Abstract
A referred case of a 34-year-old woman was brought to the emergency room with features of mutism and whole-body rigidity following rapid correction of hyponatremia. On presentation, she was ill looking with tremors on her both hands and legs. She was unresponsive to command and developed involuntary outbursts of laughter and crying. Based on clinical features and neuroimaging, diagnosis of isolated extrapontine myelinolysis was made. She was treated with quetiapine, vitamin B1 and B12 supplements, trihexyphenidyl, levodopa-carbidopa and physiotherapy of limbs. Due to lack of clinical trials for adequate diagnosis and management of extrapontine myelinolysis, this case report highlights the importance of extrapontine myelinolysis with neuropsychiatric manifestation in research world.
Introduction
Central pontine myelinolysis (CPM) is a non-inflammatory demyelination of the pons while extrapontine myelinolysis (EPM) refers to demyelinating lesions occurring outside pons: cerebellum, lateral geniculate body, external capsule and so on. CPM and EPM are collectively known as osmotic demyelination syndromes (ODSs). EPM is one of the complications that occurs secondary to rapid correction of hyponatremia. In the vast majority of cases, it is associated with CPM, but rarely, it can also occur as an isolated entity. The pathology, time course and associations are shared among CPM and EPM, but they differ in clinical presentations. 1 We report a case of isolated EPM due to rapid correction of hyponatremia with neuropsychiatric features.
Case report
A referred case of 34-year-old female with history of migraine without aura who was apparently well 1 month back presented to the local hospital with the history of vomiting about 8–10 episodes per day for 10 days. Vomiting was associated with bilateral headache which was persistent, throbbing in nature and used to get relieved on oral pain medication. Patient then visited nearby hospital where her routine blood examinations revealed hyponatremia (Na+ = 108 mEq/L; reference = 135–145 mEq/L) along with borderline hypokalemia (3.4 mEq/L; reference = 3.5–5.2 mEq/L). Her blood glucose (5.5 mmol/L; reference = 3.8–7.8 mmol/L), creatinine (83 µMol/L; reference = 40–110 µMol/L) and urea (6.2 mmol/L; reference = 1.6–7 mmol/L) were within normal limits.

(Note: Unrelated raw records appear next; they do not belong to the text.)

(* Let $T,M,\delta,\tau$ be as in the setup, let $\rho^*=\mathrm{OPT}$, and let $\zeta\ge 0$. Let $\mathcal{H}$ be the family of all $k$-element subsets $U\subseteq V_T$ with $\mathcal{S}_U\neq\emptyset$. Build the directed flow network $Z$ with vertex set $\{s\}\cup\{x_U:U\in\mathcal{H}\}\cup V_T\cup\{z\}$ and arcs: $(s,x_U)$ with capacity $\tau(U)$ for each $U\in\mathcal{H}$; $(x_U,v)$ with capacity $+\infty$ for each $U\in\mathcal{H}$ and $v\in U$; $(v,z)$ with capacity $\zeta$ for each $v\in V_T$. Let $(\mathsf{S},\mathsf{Z})$ be a minimum $s$–$z$ cut of $Z$ (a partition of its vertices with $s\in\mathsf{S}$, $z\in\mathsf{Z}$ minimizing the total capacity of arcs from $\mathsf{S}$ to $\mathsf{Z}$). If $\mathsf{S}\cap V_T\neq\emptyset$ then $\zeta\le\rho^*$; otherwise $\zeta\ge\rho^*$.
   Context: Setup. A temporal network is a pair $T=(V_T,E_T)$ where $V_T$ is a finite set of $n$ vertices and $E_T$ is a finite set of temporal edges $(u,v,t)$ with $u,v\in V_T$ and timestamp $t\in\mathbb{R}_{>0}$; timestamps are assumed distinct. A $k$-vertex $\ell$-edge temporal motif ($k,\ell\ge 2$) is a pair $M=(K,\sigma)$ where $K=(V_K,E_K)$ is a directed, weakly connected multigraph with $|V_K|=k$, $|E_K|=\ell$, and $\sigma$ is an ordering of $E_K$; equivalently $M$ is the sequence $\langle(x_1,y_1),\dots,(x_\ell,y_\ell)\rangle$ of its edges in the order $\sigma$. Given $\delta>0$, a $\delta$-instance of $M$ in a temporal network is a sequence $S=\langle(x'_1,y'_1,t'_1),\dots,(x'_\ell,y'_\ell,t'_\ell)\rangle$ of $\ell$ distinct temporal edges of that network with $t'_1<\dots<t'_\ell$ such that (1) there is a bijection $h$ from the set of vertices appearing in $S$ onto $V_K$ with $h(x'_i)=x_i$ and $h(y'_i)=y_i$ for all $i\in[\ell]$, and (2) $t'_\ell-t'_1\le\delta$. We write $v\in S$ if $v$ is an endpoint of some edge of $S$; every $\delta$-instance contains exactly $k$ vertices. For $W\subseteq V_T$, $T[W]=(W,\{(u,v,t)\in E_T:u,v\in W\})$ is the induced temporal subnetwork and $\mathcal{S}_W$ is the set of $\delta$-instances of $M$ in $T[W]$. A weighting function $\tau$ assigns a weight $\tau(S)>0$ to each $\delta$-instance $S$ of $M$ in $T$; for $W\subseteq V_T$, $\tau(W)=\sum_{S\in\mathcal{S}_W}\tau(S)$. The temporal motif degree of $v$ in $T[W]$ is $C_W(v)=\sum_{S\in\mathcal{S}_W:\,v\in S}\tau(S)$. The density of a nonempty $W\subseteq V_T$ is $\rho(W)=\tau(W)/|W|$, and $\mathrm{OPT}=\max_{\emptyset\ne W\subseteq V_T}\rho(W)$ is the optimal value of the Temporal Motif Densest Subnetwork (TMDS) problem. *)

From HB Require Import structures.
From mathcomp Require Import all_boot all_order all_algebra.
From mathcomp Require Import reals constructive_ereal.
Set Implicit Arguments. Unset Strict Implicit. Unset Printing Implicit Defensive.
Import Order.TTheory GRing.Theory Num.Theory.
Local Open Scope ring_scope.

(* A temporal network T = (V_T, E_T): vertices are the finite type V; temporal
   edges are the elements of the finite type E, the edge e being the triple
   (tsrc e, tdst e, time e). *)
Definition temporal_network (R : realType) (V E : finType)
  (tsrc tdst : E -> V) (time : E -> R) : Prop :=
  (forall e, 0 < time e) /\ injective time.

(* A k-vertex l-edge temporal motif: V_K = 'I_k, the edges listed in the order
   sigma as M : 'I_l -> 'I_k * 'I_k (multigraph: repetitions allowed). *)
Definition motif_rel (k l : nat) (M : 'I_l -> 'I_k * 'I_k) : rel 'I_k :=
  fun i j => [exists e : 'I_l, (M e == (i, j)) || (M e == (j, i))].

Definition is_motif (k l : nat) (M : 'I_l -> 'I_k * 'I_k) : Prop :=
  (2 <= k)%N /\ (2 <= l)%N /\ (forall i j : 'I_k, connect (motif_rel M) i j).

Section Instances.
Variables (R : realType) (V E : finType) (tsrc tdst : E -> V) (time : E -> R).
Variables (k l : nat) (M : 'I_l -> 'I_k * 'I_k) (delta : R).

Definition verts (S : {ffun 'I_l -> E}) : {set V} :=
  [set v | [exists i, (tsrc (S i) == v) || (tdst (S i) == v)]].

Definition is_instance (S : {ffun 'I_l -> E}) : bool :=
  [&& [forall i, forall j, (S i == S j) ==> (i == j)],
      [forall i : 'I_l, forall j : 'I_l, (i < j)%N ==> (time (S i) < time (S j))],
      [exists h : {ffun V -> 'I_k},
         [&& [forall v in verts S, forall w in verts S, (h v == h w) ==> (v == w)],
             [forall j : 'I_k, exists v in verts S, h v == j] &
             [forall i : 'I_l, (h (tsrc (S i)) == (M i).1) && (h (tdst (S i)) == (M i).2)]]] &
      [forall i : 'I_l, forall j : 'I_l, time (S j) - time (S i) <= delta]].

Definition instances_in (W : {set V}) : {set {ffun 'I_l -> E}} :=
  [set S | is_instance S && (verts S \subset W)].

Variable tau : {ffun 'I_l -> E} -> R.

Definition tauW (W : {set V}) : R := \sum_(S in instances_in W) tau S.

Definition density (W : {set V}) : R := tauW W / #|W|%:R.

Definition is_OPT (rho : R) : Prop :=
  (exists2 W : {set V}, W != set0 & density W = rho) /\
  (forall W : {set V}, W != set0 -> density W <= rho).

Definition Hfam : pred {set V} :=
  fun U => (#|U| == k) && (instances_in U != set0).

Definition Hsub := {U : {set V} | Hfam U}.

Definition node := ((unit + unit) + (Hsub + V))%type.
Definition s_node : node := inl (inl tt).
Definition z_node : node := inl (inr tt).
Definition x_node (U : Hsub) : node := inr (inl U).
Definition v_node (v : V) : node := inr (inr v).

Variable zeta : R.

(* capacities (0 = no arc) *)
Definition cap (a b : node) : \bar R :=
  match a, b with
  | inl (inl _), inr (inl U) => (tauW (val U))%:E
  | inr (inl U), inr (inr v) => if v \in val U then +oo%E else 0%E
  | inr (inr _), inl (inr _) => zeta%:E
  | _, _ => 0%E
  end.

Definition cut_capacity (C : {set node}) : \bar R :=
  (\sum_(a in C) \sum_(b in ~: C) cap a b)%E.

Definition is_min_cut (C : {set node}) : Prop :=
  [/\ s_node \in C, z_node \notin C &
      forall C' : {set node}, s_node \in C' -> z_node \notin C' ->
        (cut_capacity C <= cut_capacity C')%E].

End Instances.

From Pilot Require Import Defs.
From HB Require Import structures.
From mathcomp Require Import all_boot all_order all_algebra.
From mathcomp Require Import reals constructive_ereal.
From mathcomp Require Import lra.
Set Implicit Arguments. Unset Strict Implicit. Unset Printing Implicit Defensive.
Import Order.TTheory GRing.Theory Num.Theory.
Local Open Scope ring_scope.

(* Every instance has exactly k vertices, so it lies in T[U] for exactly one
   U in H, namely its vertex set; hence tau(W) = sum of tau(U) over U in H
   with U inside W.  Call the closure of W the cut whose source side is s, W
   and the x_U with U inside W.  Replacing any s-z cut by the closure of its
   vertex set W never increases the capacity (an x_U on the source side with
   a vertex of U on the sink side costs +oo), and the closure of W costs
     g(W) = sum_(U in H) tau(U) - tau(W) + zeta |W|.
   So the vertex set W0 of a minimum cut minimizes g.  Comparing with the
   empty set, g(W0) <= g(0) gives tau(W0) >= zeta |W0|, i.e. OPT >= zeta when
   W0 is nonempty; if W0 is empty, g(0) <= g(W) gives tau(W) <= zeta |W| for
   all W, i.e. OPT <= zeta. *)

Section MinCut.
Variables (R : realType) (V E : finType) (tsrc tdst : E -> V) (time : E -> R).
Variables (k l : nat) (M : 'I_l -> 'I_k * 'I_k) (delta : R).
Variables (tau : {ffun 'I_l -> E} -> R) (zeta : R).

Local Notation node := (node tsrc tdst time M delta).
Local Notation Hsub := (Hsub tsrc tdst time M delta).
Local Notation s_node := (s_node tsrc tdst time M delta).
Local Notation z_node := (z_node tsrc tdst time M delta).
Local Notation x_node := (@x_node R V E tsrc tdst time k l M delta).
Local Notation v_node := (v_node tsrc tdst time M delta).
Local Notation instance := (is_instance tsrc tdst time M delta).
Local Notation verts := (verts tsrc tdst).
Local Notation tauW := (tauW tsrc tdst time M delta tau).
Local Notation cut_capacity := (cut_capacity tau zeta).
Local Notation cap := (cap tau zeta).

Lemma card_verts_instance S : instance S -> #|verts S| = k.
Proof.
case/and4P=> _ _ /existsP[h /and3P[h_inj h_onto _]] _.
have inj_h : {in verts S &, injective h}.
  move=> v w vS wS hvw.
  by move/forall_inP: h_inj => /(_ v vS)/forall_inP/(_ w wS)/implyP/(_ (introT eqP hvw))/eqP.
have onto_h : h @: verts S = [set: 'I_k].
  apply/setP=> j; rewrite inE.
  by have /exists_inP[v vS /eqP <-] := forallP h_onto j; apply: imset_f.
by rewrite -(card_in_imset inj_h) onto_h cardsT card_ord.
Qed.

Lemma Hfam_verts S : instance S -> Hfam tsrc tdst time M delta (verts S).
Proof.
move=> inst_S; rewrite /Hfam card_verts_instance // eqxx.
by apply/set0Pn; exists S; rewrite inE inst_S subxx.
Qed.

Lemma card_Hsub (U : Hsub) : #|val U| = k.
Proof. by case: U => U /= /andP[/eqP]. Qed.

Lemma tauW_partition W : tauW W = \sum_(U : Hsub | val U \subset W) tauW (val U).
Proof.
rewrite /Defs.tauW (exchange_big_dep instance) /=; last by move=> U S _; rewrite inE => /andP[].
rewrite [LHS]big_mkcond [RHS]big_mkcond; apply: eq_bigr => S _.
rewrite inE; case: (boolP (instance S)) => //= inst_S.
case: (boolP (verts S \subset W)) => SW; last first.
  apply/esym/big1 => U /andP[UW]; rewrite inE => /andP[_ SU].
  by rewrite (subset_trans SU UW) in SW.
pose US : Hsub := exist _ (verts S) (Hfam_verts inst_S).
rewrite (big_pred1 US) // => U /=; rewrite inE inst_S /=; apply/idP/idP.
- case/andP=> UW SU; apply/eqP/val_inj/esym/eqP.
  by rewrite eqEcard SU card_Hsub card_verts_instance ?leqnn.
- by move/eqP->; rewrite /= SW subxx.
Qed.

Lemma tauW_set0 : (0 < k)%N -> tauW set0 = 0.
Proof.
move=> k_gt0; apply: big1 => S; rewrite inE subset0 => /andP[inst_S /eqP S0].
by have := card_verts_instance inst_S; rewrite S0 cards0 => k0; rewrite -k0 in k_gt0.
Qed.

Lemma tauW_ge0 W : (forall S, instance S -> 0 <= tau S) -> 0 <= tauW W.
Proof. by move=> tau_ge0; apply: sumr_ge0 => S; rewrite inE => /andP[/tau_ge0]. Qed.

Lemma sum_node (F : node -> \bar R) : (\sum_n F n =
  F s_node + F z_node + \sum_(U : Hsub) F (x_node U) + \sum_v F (v_node v))%E.
Proof.
have sum_unit (G : unit -> \bar R) : (\sum_i G i = G tt)%E by rewrite (big_pred1 tt) // => -[].
by rewrite !big_sumType !sum_unit -addeA.
Qed.

Definition x_crossing (C : {set node}) (U : Hsub) : \bar R :=
  if x_node U \in C then \sum_v (if (v_node v \notin C) && (v \in val U) then +oo%E else 0%E)
  else (tauW (val U))%:E.

Lemma cut_capacityE (C : {set node}) : s_node \in C -> z_node \notin C ->
  cut_capacity C =
  (\sum_(U : Hsub) x_crossing C U + \sum_(v | v_node v \in C) zeta%:E)%E.
Proof.
move=> sC zC.
have out_s : (\sum_(b in ~: C) cap s_node b =
    \sum_(U : Hsub) if x_node U \in C then 0 else (tauW (val U))%:E)%E.
  rewrite big_mkcond sum_node /= !inE sC (negbTE zC) /= !add0e.
  rewrite [X in (_ + X)%E]big1 ?adde0 => [|v _]; last by case: ifP.
  by apply: eq_bigr => U _; rewrite inE if_neg.
have out_x U : (\sum_(b in ~: C) cap (x_node U) b =
    \sum_v if (v_node v \notin C) && (v \in val U) then +oo else 0)%E.
  rewrite big_mkcond sum_node /= !inE sC (negbTE zC) /= !add0e.
  rewrite big1 ?add0e => [|U' _]; last by case: ifP.
  by apply: eq_bigr => v _; rewrite inE; case: ifP.
have out_v v : (\sum_(b in ~: C) cap (v_node v) b = zeta%:E)%E.
  rewrite big_mkcond sum_node /= !inE sC (negbTE zC) /=.
  by rewrite !big1 ?adde0 ?add0e // => ? _; case: ifP.
have split_x U : x_crossing C U = ((if x_node U \in C then 0 else (tauW (val U))%:E) +
    if x_node U \in C then \sum_(b in ~: C) cap (x_node U) b else 0)%E.
  by rewrite /x_crossing out_x; case: ifP; rewrite ?adde0 ?add0e.
rewrite /Defs.cut_capacity big_mkcond sum_node sC (negbTE zC) out_s adde0 -addeA.
rewrite (eq_bigr _ (fun U _ => split_x U)) big_split -addeA.
congr (_ + (_ + _))%E; rewrite [RHS]big_mkcond.
by apply: eq_bigr => v _; case: ifP => // _; apply: out_v.
Qed.

Definition closure_cut (W : {set V}) : {set node} :=
  [set n : node | match n with
                  | inl (inl _) => true
                  | inl (inr _) => false
                  | inr (inl U) => val U \subset W
                  | inr (inr v) => v \in W end].

Lemma closure_cut_s W : s_node \in closure_cut W. Proof. by rewrite inE. Qed.
Lemma closure_cut_z W : z_node \notin closure_cut W. Proof. by rewrite inE. Qed.

Lemma x_crossing_closure W U :
  x_crossing (closure_cut W) U = if val U \subset W then 0%E else (tauW (val U))%:E.
Proof.
rewrite /x_crossing inE; case: ifP => // /subsetP UW.
by apply: big1 => v _; rewrite inE /=; case: (boolP (v \in val U)) => [/UW ->|_]; rewrite ?andbF.
Qed.

Definition closure_capacity (W : {set V}) : R :=
  \sum_(U : Hsub) tauW (val U) - tauW W + zeta * #|W|%:R.

Lemma cut_capacity_closure W : cut_capacity (closure_cut W) = (closure_capacity W)%:E.
Proof.
rewrite cut_capacityE ?closure_cut_s ?closure_cut_z //.
rewrite /closure_capacity [in RHS](bigID (fun U : Hsub => val U \subset W)) /= -tauW_partition.
rewrite (addrC (tauW W)) addrK EFinD; congr (_ + _)%E.
  by rewrite -sumEFin [RHS]big_mkcond; apply: eq_bigr => U _; rewrite x_crossing_closure if_neg.
rewrite (eq_bigl (mem W)) => [|v]; last by rewrite inE.
by rewrite sumEFin sumr_const mulr_natr.
Qed.

Section CutComparison.
Hypothesis tau_ge0 : forall S, instance S -> 0 <= tau S.
Variable C : {set node}.
Hypotheses (sC : s_node \in C) (zC : z_node \notin C).

Let W := [set v | v_node v \in C].

Lemma x_crossing_closure_le U : (x_crossing (closure_cut W) U <= x_crossing C U)%E.
Proof.
have ge0 : (0 <= x_crossing C U)%E.
  rewrite /x_crossing; case: ifP => _; last by rewrite lee_fin tauW_ge0.
  by apply: sume_ge0 => v _; case: ifP; rewrite ?leey.
rewrite x_crossing_closure; case: ifP => [_ | /subsetPn[v vU]]; first exact: ge0.
rewrite inE => vC.
rewrite /x_crossing; case: ifP => _ //; apply: le_trans (leey _) _.
rewrite (bigD1 v) //= vC vU /=; apply: leeDl.
by apply: sume_ge0 => w _; case: ifP; rewrite ?leey.
Qed.

Lemma cut_capacity_closure_le : (cut_capacity (closure_cut W) <= cut_capacity C)%E.
Proof.
rewrite !cut_capacityE ?closure_cut_s ?closure_cut_z //.
apply: leeD; first by apply: lee_sum => U _; exact: x_crossing_closure_le.
by rewrite (eq_bigl (fun v => v_node v \in C)) => [|v]; rewrite ?lexx // inE /= inE.
Qed.

End CutComparison.

Lemma min_cut_closure_capacity_le (C : {set node}) W :
  (forall S, instance S -> 0 <= tau S) -> is_min_cut tau zeta C ->
  closure_capacity [set v | v_node v \in C] <= closure_capacity W.
Proof.
move=> tau_ge0 [sC zC minC]; rewrite -lee_fin -!cut_capacity_closure.
apply: le_trans (cut_capacity_closure_le tau_ge0 sC zC) _.
exact: minC (closure_cut_s W) (closure_cut_z W).
Qed.

End MinCut.

Theorem lemmaF1 (R : realType) (V E : finType) (tsrc tdst : E -> V) (time : E -> R)
  (k l : nat) (M : 'I_l -> 'I_k * 'I_k) (delta : R)
  (tau : {ffun 'I_l -> E} -> R) (zeta rho_star : R) (C : {set node tsrc tdst time M delta}) :
  temporal_network tsrc tdst time ->
  is_motif M ->
  0 < delta ->
  (forall S, is_instance tsrc tdst time M delta S -> 0 < tau S) ->
  is_OPT tsrc tdst time M delta tau rho_star ->
  0 <= zeta ->
  is_min_cut tau zeta C ->
  ((exists v : V, v_node tsrc tdst time M delta v \in C) -> zeta <= rho_star) /\
  ((forall v : V, v_node tsrc tdst time M delta v \notin C) -> rho_star <= zeta).
Proof.
move=> _ [k_ge2 _] _ tau_gt0 [[Wopt Wopt_n0 <-] opt] _ minC.
have tau_ge0 S inst_S := ltW (tau_gt0 S inst_S).
have g_min W := min_cut_closure_capacity_le W tau_ge0 minC.
have tau0 := tauW_set0 tsrc tdst time M delta tau (ltnW k_ge2).
set W0 := [set v | v_node tsrc tdst time M delta v \in C] in g_min.
split=> [[v vC] | noneC].
- have W0_n0 : W0 != set0 by apply/set0Pn; exists v; rewrite inE.
  apply: le_trans (opt _ W0_n0); rewrite /density ler_pdivlMr ?ltr0n ?card_gt0 //.
  by have := g_min set0; rewrite /closure_capacity tau0 cards0 mulr0; lra.
- have W0_0 : W0 = set0 by apply/setP => v; rewrite !inE (negbTE (noneC v)).
  rewrite /density ler_pdivrMr ?ltr0n ?card_gt0 //.
  by have := g_min Wopt; rewrite /closure_capacity W0_0 tau0 cards0 mulr0; lra.
Qed.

She was admitted to intensive care unit (ICU) where she was symptomatically managed for 10 days. Hyponatremia was corrected from 108 to 132 mEq/L within 48 h of time. After 3 days, she was unable to speak and developed sustained stiff limbs. She was unresponsive to command and developed involuntary outbursts of laughter and crying. She was then treated with gradually increased dose of lorazepam, but there was no improvement.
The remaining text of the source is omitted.